Background Ritonavir is a potent inhibitor of the cytochrome P450 3A4 enzyme used to boost other protease inhibitors in the management of HIV infection. The metabolism of fluorinated steroids (eg fluticasone, triamcinolone), used for asthma, hay fever and arthritis, is inhibited by ritonavir causing increased exposure to corticosteroid. Cases of ritonavir induced Cushing’s syndrome and subsequent adrenocortical suppression were first reported in 1999. Despite awareness of this interaction new cases continue to occur.
Aim To identify and describe patients in our cohort with iatrogenic Cushing’s ± adrenocortical suppression, and to investigate whether there were missed opportunities for prevention.

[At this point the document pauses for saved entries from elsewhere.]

(* Write f = sum_S c_S x_S over d-subsets S of the first n variables, so that
   sum_S c_S = f(1,...,1).  If this sum is nonzero, every square-free monomial of
   degree d lies in I = (S_N.f), by induction on d.  Choose i with
   sum_(S ∋ i) c_S != 0, which exists because sum_i sum_(S ∋ i) c_S = d sum_S c_S
   and d <= n is invertible in K, and a variable y not occurring in f.  Then
   f - (i y).f = (x_i - x_y) g, where g = sum_(S ∋ i) c_S x_(S \ i) has nonzero
   coefficient sum and lies in the colon ideal (I : x_i - x_y), which is stable
   under the permutations of the remaining variables.  Induction gives
   (x_i - x_y) x_R in I for all (d-1)-sets R avoiding i and y, so by symmetry every
   difference x_S - x_T of degree-d square-free monomials is in I, and finally
   x_T is in I because f - f(1,...,1) x_T = sum_S c_S (x_S - x_T).
   Conversely, evaluation at (1,...,1) vanishes on (S_N.f) when f(1,...,1) = 0,
   but not on any monomial. *)

Section SquareFree.
Variables (K : fieldType) (N : nat).
Implicit Types (I : {mpoly K[N]} -> Prop) (p q : {mpoly K[N]}).
Implicit Types (X A S T R : {set 'I_N}) (c : {set 'I_N} -> K) (i u v y : 'I_N).

Definition is_ideal I :=
  [/\ I 0, forall p q, I p -> I q -> I (p + q) & forall p q, I q -> I (p * q)].

Definition tperm_stable X I :=
  forall u v, u \in X -> v \in X -> forall p, I p -> I (msym (tperm u v) p).

Definition sqfmono S : {mpoly K[N]} := \prod_(j in S) 'X_j.

Definition sqfpoly c : {mpoly K[N]} := \sum_S c S *: sqfmono S.

Definition supported_on A d c := forall S, c S != 0 -> S \subset A /\ #|S| = d.

Definition link i c R := if i \in R then 0 else c (i |: R).

Definition natr_neq0_upto m := forall k, (0 < k <= m)%N -> k%:R != 0 :> K.

Section Ideal.
Variable I : {mpoly K[N]} -> Prop.
Hypothesis idI : is_ideal I.

Lemma ideal0 : I 0. Proof. by have [] := idI. Qed.

Lemma idealD p q : I p -> I q -> I (p + q). Proof. by case: idI => _ + _; apply. Qed.

Lemma idealMl p q : I q -> I (p * q). Proof. by case: idI => _ _; apply. Qed.

Lemma idealZ a p : I p -> I (a *: p).
Proof. by rewrite -mul_mpolyC; apply: idealMl. Qed.

Lemma idealB p q : I p -> I q -> I (p - q).
Proof. by move=> Ip Iq; apply: idealD => //; rewrite -scaleN1r; apply: idealZ. Qed.

Lemma ideal_sum (T : Type) (r : seq T) (P : pred T) (F : T -> {mpoly K[N]}) :
  (forall x, P x -> I (F x)) -> I (\sum_(x <- r | P x) F x).
Proof.
move=> IF; elim/big_rec: _ => [|x q Px Iq]; first exact: ideal0.
by apply: idealD => //; apply: IF.
Qed.

Lemma is_ideal_colon q : is_ideal (fun p => I (q * p)).
Proof.
split=> [|p r Ip Ir|p r Ir]; first by rewrite mulr0; apply: ideal0.
  by rewrite mulrDr; apply: idealD.
by rewrite mulrCA; apply: idealMl.
Qed.

End Ideal.

Lemma msymXU (s : 'S_N) i : msym s ('X_i : {mpoly K[N]}) = 'X_(s i).
Proof. by rewrite /msym mmapX mmap1U. Qed.

Lemma msym_sqfmono (s : 'S_N) S : msym s (sqfmono S) = sqfmono (s @: S).
Proof.
rewrite /sqfmono rmorph_prod big_imset /=; last by move=> x y _ _; apply: perm_inj.
by apply: eq_bigr => j _; rewrite msymXU.
Qed.

Lemma sqfmono_setU1 i R : i \notin R -> sqfmono (i |: R) = 'X_i * sqfmono R.
Proof. by move=> iR; rewrite /sqfmono big_setU1. Qed.

Lemma mem_imset_tperm u v x S : (x \in tperm u v @: S) = (tperm u v x \in S).
Proof. by rewrite -{1}(tpermK u v x) mem_imset //; apply: perm_inj. Qed.

Lemma tperm_in X u v x : u \in X -> v \in X -> (tperm u v x \in X) = (x \in X).
Proof. by move=> uX vX; case: tpermP => [->|->|//]; rewrite ?uX ?vX. Qed.
Theorem mainTheorem3 (r x : nat) (T : finType) (e : rel T) :
  (2 <= r)%N -> (2 <= x)%N -> #|T| = x ->
  simple_graph e -> Kr_free e r ->
  (Rmax (Rpower (INR x) (1 / INR r) / 2)
        (log2 (INR x) ^ 2 / (18 * log2 (2 * INR r)))
   <= log2 (INR (num_indep e)))%R.
Proof.
move=> r_ge2 x_ge2 cardT [e_sym e_irr]; subst x.
case: r r_ge2 => // r r_gt0 e_Kr_free.
have T_gt0 : (0 < #|T|)%N := ltnW x_ge2.
apply: Rmax_lub.
- exact: root_le_log2_num_indep.
- exact: sq_log2_le_log2_num_indep.
Qed.
Definition comp_len (E : nat -> nat) (kappa : nat) : nat := (E kappa - offset E kappa)%nat.
Definition comp_vec (v : nat -> R) (E : nat -> nat) (kappa : nat) : nat -> R :=
  fun i => v (offset E kappa + i)%nat.

Definition comp_root (alpha ell : nat -> R) (K : nat) (E kexc : nat -> nat)
    (kappa : nat) (sigma : R) : Prop :=
  let m := comp_len E kappa in
  (O_sign (kprev K kexc kappa) = O_sign (kexc kappa) ->
     F_even m (comp_vec alpha E kappa) (comp_vec ell E kappa) sigma = 0) /\
  (O_sign (kprev K kexc kappa) = - O_sign (kexc kappa) ->
     F_odd m (comp_vec alpha E kappa) (comp_vec ell E kappa) sigma = 0).

(* Writing t_j = pi^2/(2 alpha_j) and c_j = cos t_j, the vertex matrix factors as
   A(alpha_j) = (1/sin t_j) Anorm(c_j) with Anorm(c) = [[1, -ic], [ic, 1]].  The central identity
   ([Qprod_core]) says that a product of normalised steps Anorm(c_j) B(l_j, s) over arcs 1..m is
        [[ P + iP',  -Q' - iQ ],  [ -Q' + iQ,  P - iP' ]],
   where P, P' are F_even, F_odd (sums over sign vectors zeta with zeta_1 = 1 of the cyclic
   sign-change weight p_zeta times cos / sin of (l.zeta) s) and Q, Q' are the same sums with the
   "twisted" weight, in which the closing step m -> 1 contributes c_m exactly when it is not a sign
   change.  It is proved by induction on m, peeling off the first arc: sign vectors of length m+1
   are 1::z and 1::(-z), and the second choice swaps cyclic and twisted weights.
   (a) The determinant gives P^2 + P'^2 - Q^2 - Q'^2 = prod sin^2 t_j; F^P = 0 means P = prod sin t_j,
       so P'^2 = Q^2 + Q'^2 and a 2x2 computation ([core_eigenspace]) shows that the eigenspace of 1
       of the monodromy is C^2 if F_odd = 0 and a line otherwise.
   (b) On a component Y_kappa the closing vertex is exceptional, so c_m = O(alpha_{E_kappa}) = +-1
       while A(alpha_{E_kappa}) is left out of U_kappa (equivalently c_m is replaced by 0).  The
       cyclic sums are affine in c_m, and pairing with X_even / X_odd extracts exactly
       F_even or F_odd of the component ([core_pairing]). *)

From Stdlib Require Import Reals List Lra Lia ZArith ClassicalEpsilon.
Import ListNotations.
Open Scope R_scope.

Methods Cases were identified from laboratory and pharmacy records between January 2010 and December 2015. Data was collected on demographics, steroid use, presentation and outcome. GP and referral letters were reviewed.
Results 25 cases were identified. The steroids were prescribed in many different specialties, most commonly primary care and rheumatology, as well as being obtained OTC. Duration of steroid use ranged from a single dose to 3 injections over one year. The most common presentation was weight gain, facial swelling, fatigue and postural dizziness. Long-term sequelae included diabetes, osteoporosis and avascular necrosis as well as creating anxiety and mistrust of the medical profession. Synacthen tests were performed in the majority of cases. The duration of adrenal suppression varied from 1 month to >4 years. Clinic letters first carried a postscript warning re the interaction in 2007.
Discussion Iatrogenic Cushings/adrenocortical suppression carries significant long-term morbidity. Innovative strategies to improve dissemination of information to healthcare professionals and patients are needed.